В последующие дни в доме царило угрюмое затишье: никто из нас не хотел нарушать странное хрупкое перемирие, которое непонятным образом наступило после разразившейся грозы. Мы с братьями быстро поняли, что произошло, потому что стены нашего дома в Ривердейле были тонкие, как бумага, и когда родители в спальне шепотом ссорились, отчаянные мольбы отца и горькие упреки матери были прекрасно слышны в туалете в коридоре.
Мне было двенадцать, Питу девять, а Мэтту семь, и уже тогда он был очень зол. Мы все догадались, что дело плохо. Даже Пит, который слегка отставал в развитии и не всегда мог разобраться, что к чему, почуял, что готовится большая гадость. Но мы и подумать не могли, что это изменит всю нашу жизнь. Родители и раньше ссорились. Мы все назубок выучили, чего ждать, даже Пит. Отец облажался, какое-то время они с матерью скандалят, а потом Норм заглаживает вину. Как-то раз отец даже признался мне, что в отношениях с матерью он — король возвращений.

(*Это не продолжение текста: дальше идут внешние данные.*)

Lemma tens_expansion R : R = \sum_(i < size R) tens 'X^i R`_i.
Proof.
rewrite -{1}[R]coefK poly_def; apply: eq_bigr => i _.
by rewrite tensE map_polyXn mulrC mul_polyC.
Qed.

(* [tau_mono m n] is the image of y^m (x) x^n, i.e. the normal form of y^m x^n. *)
Definition tau_mono m n : {poly {poly K}} :=
  \sum_(i < n.+1) (jcoef m n i)%:R *: tens 'X^i 'X^(m + n - i).

Lemma tau_def P :
  tau P = \sum_(m < size P) \sum_(n < size P`_m) (P`_m`_n)%:P *: tau_mono m n.
Proof. by []. Qed.

Lemma tauE P M (N : nat -> nat) :
  (size P <= M)%N -> (forall m, (size (P`_m)%R <= N m)%N) ->
  tau P = \sum_(m < M) \sum_(n < N m) (P`_m`_n)%:P *: tau_mono m n.
Proof.
move=> le_PM le_PN; rewrite tau_def (sumr_ord_narrow le_PM) => [|m /(nth_default 0) ->].
  apply: eq_bigr => m _; rewrite (sumr_ord_narrow (le_PN m)) // => n /(nth_default 0) ->.
  by rewrite scale0r.
by apply: big1 => n _; rewrite coef0 scale0r.
Qed.

Lemma tau0 : tau 0 = 0 :> {poly {poly K}}.
Proof. by rewrite tau_def size_poly0 big_ord0. Qed.

Lemma tauD P Q : tau (P + Q) = tau P + tau Q.
Proof.
pose M := maxn (size P) (size Q); pose N m := maxn (size P`_m) (size Q`_m).
rewrite (tauE (M := M) (N := N)) ?size_polyD // => [|m]; last by rewrite coefD size_polyD.
rewrite (tauE (P := P) (M := M) (N := N)) ?leq_maxl // => [|m]; last exact: leq_maxl.
rewrite (tauE (P := Q) (M := M) (N := N)) ?leq_maxr // => [|m]; last exact: leq_maxr.
rewrite -big_split; apply: eq_bigr => m _; rewrite -big_split; apply: eq_bigr => n _.
by rewrite !coefD polyCD scalerDl.
Qed.

Lemma tauZ c P : tau (c%:P *: P) = c%:P *: tau P.
Proof.
rewrite (tauE (M := size P) (N := fun m => size P`_m)) ?size_scale_leq // => [|m]; last first.
  by rewrite coefZ mul_polyC size_scale_leq.
rewrite tau_def scaler_sumr; apply: eq_bigr => m _; rewrite scaler_sumr.
by apply: eq_bigr => n _; rewrite coefZ coefCM polyCM scalerA.
Qed.

Lemma tau_sum I (r : seq I) (F : I -> {poly {poly K}}) :
  tau (\sum_(x <- r) F x) = \sum_(x <- r) tau (F x).
Proof. exact: (big_morph _ tauD tau0). Qed.

Lemma coef_tau_mono m n i j :
  (tau_mono m n)`_i`_j = if (i + j == m + n)%N then (jcoef m n i)%:R else 0.
Proof.
rewrite /tau_mono !coef_sum.
under eq_bigr => k _ do rewrite coefZ -polyC_natr coefCM coef_tens !coefXn.
pose c : K := (jcoef m n i)%:R * (j == m + n - i)%N%:R.
rewrite (eq_bigr (fun k : 'I_n.+1 => if k == i :> nat then c else 0)); last first.
  by move=> k _; rewrite eq_sym; case: eqP => [->|]; rewrite ?mul1r ?mul0r ?mulr0.
rewrite -big_mkcond (big_ord1_eq _ (fun _ => c)) ltnS /c.
case: leqP => [le_in | lt_ni]; last by rewrite jcoef_small // if_same.
have -> : (j == m + n - i)%N = (i + j == m + n)%N by apply/eqP/eqP; lia.
by case: (_ == _)%N; rewrite ?mulr1 ?mulr0.
Qed.

(* x is the inner variable of the input and the outer variable of the output;
   for y it is the other way round. *)
Section XpYpCentral.
Variable p : nat.
Hypothesis pK : p \in [pchar K].

Lemma tau_mono_addp_inner m n :
  tau_mono m (p + n) = 'X^p * tau_mono m n :> {poly {poly K}}.
Proof.
apply/polyP => i; apply/polyP => j; rewrite coefXnM coef_tau_mono (jcoef_addp_inner pK).
case: ltnP => [lt_ip | le_pi]; first by rewrite coef0 if_same.
rewrite coef_tau_mono; have -> // : (i - p + j == m + n)%N = (i + j == m + (p + n))%N.
by apply/eqP/eqP; lia.
Qed.

Lemma tau_mono_addp_outer m n :
  tau_mono (p + m) n = ('X^p)%:P * tau_mono m n :> {poly {poly K}}.
Proof.
apply/polyP => i; apply/polyP => j.
rewrite coefCM coefXnM coef_tau_mono (jcoef_addp_outer pK).
case: ltnP => [lt_jp | le_pj].
  by case: eqP => // sum_ij; rewrite jcoef_small //; lia.
rewrite coef_tau_mono; have -> // : (i + (j - p) == m + n)%N = (i + j == p + m + n)%N.
by apply/eqP/eqP; lia.
Qed.

Lemma tau_mulXp_inner P : tau (P * ('X^p)%:P) = 'X^p * tau P.
Proof.
rewrite (tauE (M := size P) (N := fun m => addn p (size P`_m))); first last.
- move=> m; rewrite coefMC (leq_trans (size_polyMleq _ _)) //.
  by rewrite size_polyXn addnS addnC.
- by rewrite [P * _]mulrC mul_polyC size_scale_leq.
rewrite (tau_def P) mulr_sumr; apply: eq_bigr => m _.
rewrite big_split_ord /= big1 ?add0r => [|n _]; last first.
  by rewrite coefMC coefMXn /= ltn_ord polyC0 scale0r.
rewrite mulr_sumr; apply: eq_bigr => n _.
by rewrite coefMC coefMXn ltnNge leq_addr addKn tau_mono_addp_inner scalerAr.
Qed.

Lemma tau_mulXp_outer P : tau (P * 'X^p) = ('X^p)%:P * tau P.
Proof.
rewrite (tauE (M := p + size P) (N := fun m => size (P * 'X^p)`_m)) //; last first.
  by rewrite (leq_trans (size_polyMleq _ _)) // size_polyXn addnS addnC.
rewrite (tau_def P) big_split_ord /= big1 ?add0r => [|m _]; last first.
  by rewrite coefMXn /= ltn_ord size_poly0 big_ord0.
rewrite mulr_sumr; apply: eq_bigr => m _; rewrite coefMXn ltnNge leq_addr addKn /=.
by rewrite mulr_sumr; apply: eq_bigr => n _; rewrite tau_mono_addp_outer scalerAr.
Qed.

End XpYpCentral.

(* The q with tau (P * alpha q) = beta q * tau P for all P form a subring
   containing 'X^p, hence all p-th powers. *)
Section CommutingPowers.
Variables (p : nat) (alpha beta : {rmorphism {poly K} -> {poly {poly K}}}).
Hypotheses (pK : p \in [pchar K])
  (alphaC : forall c, alpha c%:P = c%:P%:P) (betaC : forall c, beta c%:P = c%:P%:P)
  (tau_alphaXp : forall P, tau (P * alpha 'X^p) = beta 'X^p * tau P).
(* Let $K$ be a finite simplicial complex, let $f\colon K\to\mathbb{R}$ be an injective filtration function, and let $\sigma_1,\sigma_2$ be two $n$-dimensional simplices of $K$. Assume that for some $\varepsilon>0$ we have $$f(\sigma_1)<f(\sigma_2)<f(\sigma_1)+2\varepsilon.$$ Then there exists an injective filtration function $g$ on $K$ such that $\|f-g\|_\infty\le\varepsilon$ and $g(\sigma_2)<g(\sigma_1)$.
   Context: A filtration function on a finite simplicial complex $K$ is a map $f\colon K\to\mathbb{R}$ such that $f(\sigma)\le f(\tau)$ whenever $\sigma$ is a face of $\tau$. For two functions $f,g\colon K\to\mathbb{R}$, $\|f-g\|_\infty=\max_{\sigma\in K}|f(\sigma)-g(\sigma)|$. *)

From mathcomp Require Import all_boot all_order all_algebra.
From mathcomp Require Import reals.
Set Implicit Arguments. Unset Strict Implicit. Unset Printing Implicit Defensive.
Import Order.TTheory GRing.Theory Num.Theory.
Local Open Scope ring_scope.

Definition simplicial_complex (V : finType) (K : {set {set V}}) : Prop :=
  (forall s, s \in K -> s != set0) /\
  (forall s t : {set V}, s \in K -> t \subset s -> t != set0 -> t \in K).

Definition simplex_dim (V : finType) (s : {set V}) : nat := #|s|.-1.

(* A filtration function on K (only its values on K matter). *)
Definition filtration (R : realType) (V : finType) (K : {set {set V}})
  (f : {set V} -> R) : Prop :=
  forall s t : {set V}, s \in K -> t \in K -> s \subset t -> f s <= f t.

Definition injective_on_K (R : realType) (V : finType) (K : {set {set V}})
  (f : {set V} -> R) : Prop :=
  forall s t : {set V}, s \in K -> t \in K -> f s = f t -> s = t.

Definition sup_dist_le (R : realType) (V : finType) (K : {set {set V}})
  (f g : {set V} -> R) (e : R) : Prop :=
  forall s, s \in K -> `|f s - g s| <= e.

From mathcomp Require Import all_boot all_order all_algebra.
From mathcomp Require Import reals.
From mathcomp Require Import lra zify.
Import Order.TTheory GRing.Theory Num.Theory.
Local Open Scope ring_scope.

(* Squeeze the values of f lying in [f s1, f s2] by a factor k < 1/2 towards
   the endpoints: faces of s2 are pulled down towards f s1, every other simplex
   is pushed up towards f s2, and values outside the interval stay put.  Faces
   of s2 form a down-closed family and the two squeezed ranges are disjoint, so
   the result is again an injective filtration.  As s1 has the dimension of s2
   but a different value, it is not a face of s2, hence it ends up above s2.
   Values move by at most (1 - k) (f s2 - f s1), which is <= eps for
   k = (f s2 - f s1) / (4 eps). *)

Section Squeeze.
Context {R : realFieldType}.
Implicit Types (a b k x y : R) (low : bool).

Definition squeeze a b k low x : R :=
  if a <= x <= b then (if low then a + k * (x - a) else b - k * (b - x))
  else x.

Ltac squeeze_cases a b x :=
  rewrite /squeeze; case: (lerP a x); case: (lerP x b) => /=.

Lemma squeeze_le a b k low :
  0 <= k <= 1 -> {homo squeeze a b k low : x y / x <= y}.
Proof.
move=> /andP[k_ge0 k_le1] x y.
by squeeze_cases a b x; squeeze_cases a b y; case: low; move=> *; nra.
Qed.

Lemma squeeze_low_le_high a b k x y :
  0 <= k -> 2 * k <= 1 -> x <= y ->
  squeeze a b k true x <= squeeze a b k false y.
Proof.
move=> k_ge0 k_le_half.
by squeeze_cases a b x; squeeze_cases a b y; move=> *; nra.
Qed.

Lemma squeeze_low_lt_high a b k x y :
  a < b -> 0 <= k -> 2 * k < 1 -> a <= x <= b -> a <= y <= b ->
  squeeze a b k true x < squeeze a b k false y.
Proof.
move=> lt_ab k_ge0 k_lt_half.
by rewrite /squeeze => /[dup] /andP[? ?] -> /[dup] /andP[? ?] ->; nra.
Qed.

Lemma squeeze_eq a b k low low' x y :
  a < b -> 0 < k -> 2 * k < 1 ->
  squeeze a b k low x = squeeze a b k low' y -> x = y.
Proof.
move=> lt_ab k_gt0 k_lt_half.
by squeeze_cases a b x; squeeze_cases a b y; case: low; case: low'; move=> *; nra.
Qed.

Lemma squeeze_dist a b k low x :
  a <= b -> 0 <= k <= 1 -> `|x - squeeze a b k low x| <= (1 - k) * (b - a).
Proof.
move=> le_ab /andP[k_ge0 k_le1].
by rewrite ler_norml; squeeze_cases a b x; case: low; move=> *; nra.
Qed.

End Squeeze.

Section SqueezeFiltration.
Variables (R : realType) (V : finType) (K : {set {set V}}) (f : {set V} -> R).
Variables (L : pred {set V}) (a b k : R).
Hypothesis L_down : {in K &, forall s t : {set V}, s \subset t -> L t -> L s}.

Let g (t : {set V}) := squeeze a b k (L t) (f t).

Lemma filtration_squeeze :
  0 <= k -> 2 * k <= 1 -> filtration K f -> filtration K g.
Proof.
move=> k_ge0 k_le_half f_filt s t sK tK st; have le_fst := f_filt s t sK tK st.
have k01 : 0 <= k <= 1 by apply/andP; split; lra.
rewrite /g; have [Lt|_] := boolP (L t).
  by rewrite (L_down s t sK tK st Lt); apply: squeeze_le.
by case: (L s); [apply: squeeze_low_le_high | apply: squeeze_le].
Qed.

Lemma injective_on_K_squeeze :
  a < b -> 0 < k -> 2 * k < 1 -> injective_on_K K f -> injective_on_K K g.
Proof.
move=> lt_ab k_gt0 k_lt_half f_inj s t sK tK eq_g.
by apply: f_inj => //; apply: squeeze_eq eq_g.
Qed.

Lemma sup_dist_squeeze eps :
  a <= b -> 0 <= k <= 1 -> (1 - k) * (b - a) <= eps -> sup_dist_le K f g eps.
Proof. by move=> le_ab k01 le_eps s _; apply: le_trans le_eps; apply: squeeze_dist. Qed.

End SqueezeFiltration.

Lemma squeeze_factor_spec {R : realFieldType} {d eps : R} :
  0 < d -> d < 2 * eps ->
  let k := d / (4 * eps) in [/\ 0 < k, 2 * k < 1 & (1 - k) * d <= eps].
Proof.
move=> d_gt0 lt_d_2eps k; have eps_gt0 : 0 < eps by lra.
have dE : d = 4 * eps * k by rewrite /k mulrC divfK // mulf_neq0 // gt_eqF.
rewrite dE in d_gt0 lt_d_2eps *; split; [nra | nra |].
(* With d = 4 eps k, the last bound reads 0 <= eps (1 - 2 k)^2. *)
have := mulr_ge0 (ltW eps_gt0) (sqr_ge0 (1 - 2 * k)); nra.
Qed.

Lemma simplex_dim_subset_eq {V : finType} {s t : {set V}} :
  s != set0 -> simplex_dim s = simplex_dim t -> s \subset t -> s = t.
Proof.
rewrite -card_gt0 /simplex_dim => s_gt0 dim_st sub_st; apply/eqP.
rewrite eqEcard sub_st /=; have := subset_leq_card sub_st; lia.
Qed.

Theorem proposition2p1 (R : realType) (V : finType) (K : {set {set V}})
  (f : {set V} -> R) (n : nat) (s1 s2 : {set V}) (eps : R) :
  simplicial_complex K ->
  filtration K f -> injective_on_K K f ->
  s1 \in K -> s2 \in K -> simplex_dim s1 = n -> simplex_dim s2 = n ->
  0 < eps ->
  f s1 < f s2 -> f s2 < f s1 + 2 * eps ->
  exists g : {set V} -> R,
    [/\ filtration K g, injective_on_K K g, sup_dist_le K f g eps
      & g s2 < g s1].
Proof.
move=> [K_nonempty _] f_filt f_inj s1K s2K dim1 dim2 _ lt12 lt2eps.
have not_sub12 : ~~ (s1 \subset s2).
  apply: contraTN lt12 => sub12.
  by rewrite (simplex_dim_subset_eq (K_nonempty _ s1K) _ sub12) ?ltxx // dim1 dim2.
have d_gt0 : 0 < f s2 - f s1 by rewrite subr_gt0.
have d_lt_2eps : f s2 - f s1 < 2 * eps by lra.
have [k_gt0 k_lt_half le_eps] := squeeze_factor_spec d_gt0 d_lt_2eps.
set k := _ / _ in k_gt0 k_lt_half le_eps.
pose L (t : {set V}) := t \subset s2.
have L_down : {in K &, forall s t : {set V}, s \subset t -> L t -> L s}.
  by move=> s t _ _ /subset_trans; apply.
exists (fun t => squeeze (f s1) (f s2) k (L t) (f t)); split.
- by apply: filtration_squeeze => //; lra.
- exact: injective_on_K_squeeze.
- by apply: sup_dist_squeeze => //; [exact: ltW | apply/andP; split; lra].
- by rewrite /L subxx (negbTE not_sub12) squeeze_low_lt_high ?lexx ?(ltW lt12) //; lra.
Qed.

Но на этот раз о примирении не могло быть и речи. Несколько недель спустя мать разослала друзьям и родственникам поздравления с Рош-Ашана, вот только в этом году традиционный семейный портрет заменила фотография отца и Анны в ужасный миг разоблачения. Ни ретуши, ни красивых поз: лишь грязная голая правда о совокуплении любовников не первой молодости, сфотографированных под тупым углом, — анатомия в ракурсе, не предусмотренном природой.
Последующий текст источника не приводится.